**What to produce:**
Which lines belong in the answer? Exactly those from the line containing "Proof. by move=> [a ->];" through the last line of the records below, repeated as written.

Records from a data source
(* Let $\mathbb{F}$ be a field of characteristic $0$, let $V\subseteq\{0,1\}^n\subseteq\mathbb{F}^n$, and let $\prec_{\mathrm{lex}}$ be the lexicographic order on monomials of $\mathbb{F}[x_1,\dots,x_n]$ induced by $x_1\succ\dots\succ x_n$. Then for every monomial $m=x^{\alpha}$, $R^{\prec_{\mathrm{lex}}}_{I(V)}(m)\in\mathbb{Z}[x_1,\dots,x_n]$.
   Context: $I(V)$ is the ideal of all polynomials in $\mathbb{F}[x_1,\dots,x_n]$ vanishing on every point of $V$ (the whole ring if $V=\emptyset$). In the lexicographic order, $x^{\alpha}\succ x^{\beta}$ iff the first nonzero entry of $\alpha-\beta\in\mathbb{Z}^n$ is positive. A polynomial $p$ is reducible modulo an ideal $I$ if some $q\in I$ has the same leading ($\prec$-largest) monomial as $p$; every $p$ decomposes uniquely as $p=q+r$ with $q\in I$ and $r$ a linear combination of monomials irreducible modulo $I$, and $R^{\prec}_I(p):=r$. *)

From HB Require Import structures.
From mathcomp Require Import all_boot all_order all_algebra.
From mathcomp Require Import mpoly.
Set Implicit Arguments. Unset Strict Implicit. Unset Printing Implicit Defensive.
Import Order.TTheory GRing.Theory Num.Theory.
Local Open Scope ring_scope.

(* Lexicographic order on monomials with x_1 > x_2 > ... > x_n
   (variable x_{i+1} is index i : 'I_n):  x^a > x^b  iff the first nonzero
   entry of a - b is positive. *)
Definition lex_gt (n : nat) (a b : 'X_{1..n}) : Prop :=
  exists i : 'I_n, (b i < a i)%N /\ forall j : 'I_n, (j < i)%N -> a j = b j.

Definition lex_lead_is (F : fieldType) (n : nat) (p : {mpoly F[n]})
    (m : 'X_{1..n}) : Prop :=
  m \in msupp p /\ forall m' : 'X_{1..n}, m' \in msupp p -> m' <> m -> lex_gt m m'.

Definition vanishing_ideal (F : fieldType) (n : nat) (V : ('I_n -> F) -> Prop)
    (p : {mpoly F[n]}) : Prop :=
  forall v, V v -> p.@[v] = 0.

Definition lex_reducible (F : fieldType) (n : nat) (I : {mpoly F[n]} -> Prop)
    (m : 'X_{1..n}) : Prop :=
  exists q, I q /\ lex_lead_is q m.

Definition lex_irreducible_comb (F : fieldType) (n : nat)
    (I : {mpoly F[n]} -> Prop) (r : {mpoly F[n]}) : Prop :=
  forall m, m \in msupp r -> ~ lex_reducible I m.

Definition int_coeffs (F : fieldType) (n : nat) (r : {mpoly F[n]}) : Prop :=
  forall m : 'X_{1..n}, exists z : int, r@_m = z%:~R.

(* Eliminate the variables in lexicographic order.  A remainder r that takes integer
   values on V and is irreducible modulo the polynomials of I(V) in x_k, ..., x_n has
   degree at most 1 in x_k (x_k^2 - x_k vanishes on V), so r = g + h x_k with g, h in
   the later variables.  For v, w in V with v_k = 1, w_k = 0 and equal later
   coordinates, h(v) = r(v) - r(w).  Moreover h stays irreducible for the set of such
   v: a polynomial q vanishing there with leading monomial m gives q (x_k - chi), where
   chi vanishes exactly at the later coordinates of the points of V with x_k = 0; it
   vanishes on V and has leading monomial x_k m, a monomial of r.  So by induction h,
   and then g = r - h x_k, have integer coefficients.  When no variable is left, r is
   a constant, equal to its value on V, or 0 if V is empty. *)

From HB Require Import structures.
From mathcomp Require Import all_boot all_order all_algebra.
From mathcomp Require Import mpoly.
From Stdlib Require Import Classical ClassicalEpsilon.
Set Implicit Arguments. Unset Strict Implicit. Unset Printing Implicit Defensive.
Import Order.TTheory GRing.Theory Num.Theory.
Local Open Scope ring_scope.

Section IntImages.
Variable F : fieldType.

Definition is_intr (x : F) := exists z : int, x = z%:~R.

Lemma is_intr0 : is_intr 0. Proof. by exists 0; rewrite mulr0z. Qed.
Lemma is_intr1 : is_intr 1. Proof. by exists 1. Qed.

Lemma is_intrD x y : is_intr x -> is_intr y -> is_intr (x + y).
Proof. by move=> [a ->] [b ->]; exists (a + b); rewrite intrD. Qed.

Lemma is_intrB x y : is_intr x -> is_intr y -> is_intr (x - y).
Proof. by move=> [a ->] [b ->]; exists (a - b); rewrite intrB. Qed.

Lemma is_intrM x y : is_intr x -> is_intr y -> is_intr (x * y).
Proof. by move=> [a ->] [b ->]; exists (a * b); rewrite intrM. Qed.

Lemma is_intrX x k : is_intr x -> is_intr (x ^+ k).
Proof. by move=> [a ->]; exists (a ^+ k); rewrite rmorphXn. Qed.

Lemma is_intr_zero_one x : x = 0 \/ x = 1 -> is_intr x.
Proof. by case=> ->; [exact: is_intr0 | exact: is_intr1]. Qed.

Variable n : nat.

Definition zero_one (v : 'I_n -> F) := forall i, v i = 0 \/ v i = 1.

**Output of the task:**
Proof. by move=> [a ->]; exists (a ^+ k); rewrite rmorphXn. Qed.

Lemma is_intr_zero_one x : x = 0 \/ x = 1 -> is_intr x.
Proof. by case=> ->; [exact: is_intr0 | exact: is_intr1]. Qed.

Variable n : nat.

Definition zero_one (v : 'I_n -> F) := forall i, v i = 0 \/ v i = 1.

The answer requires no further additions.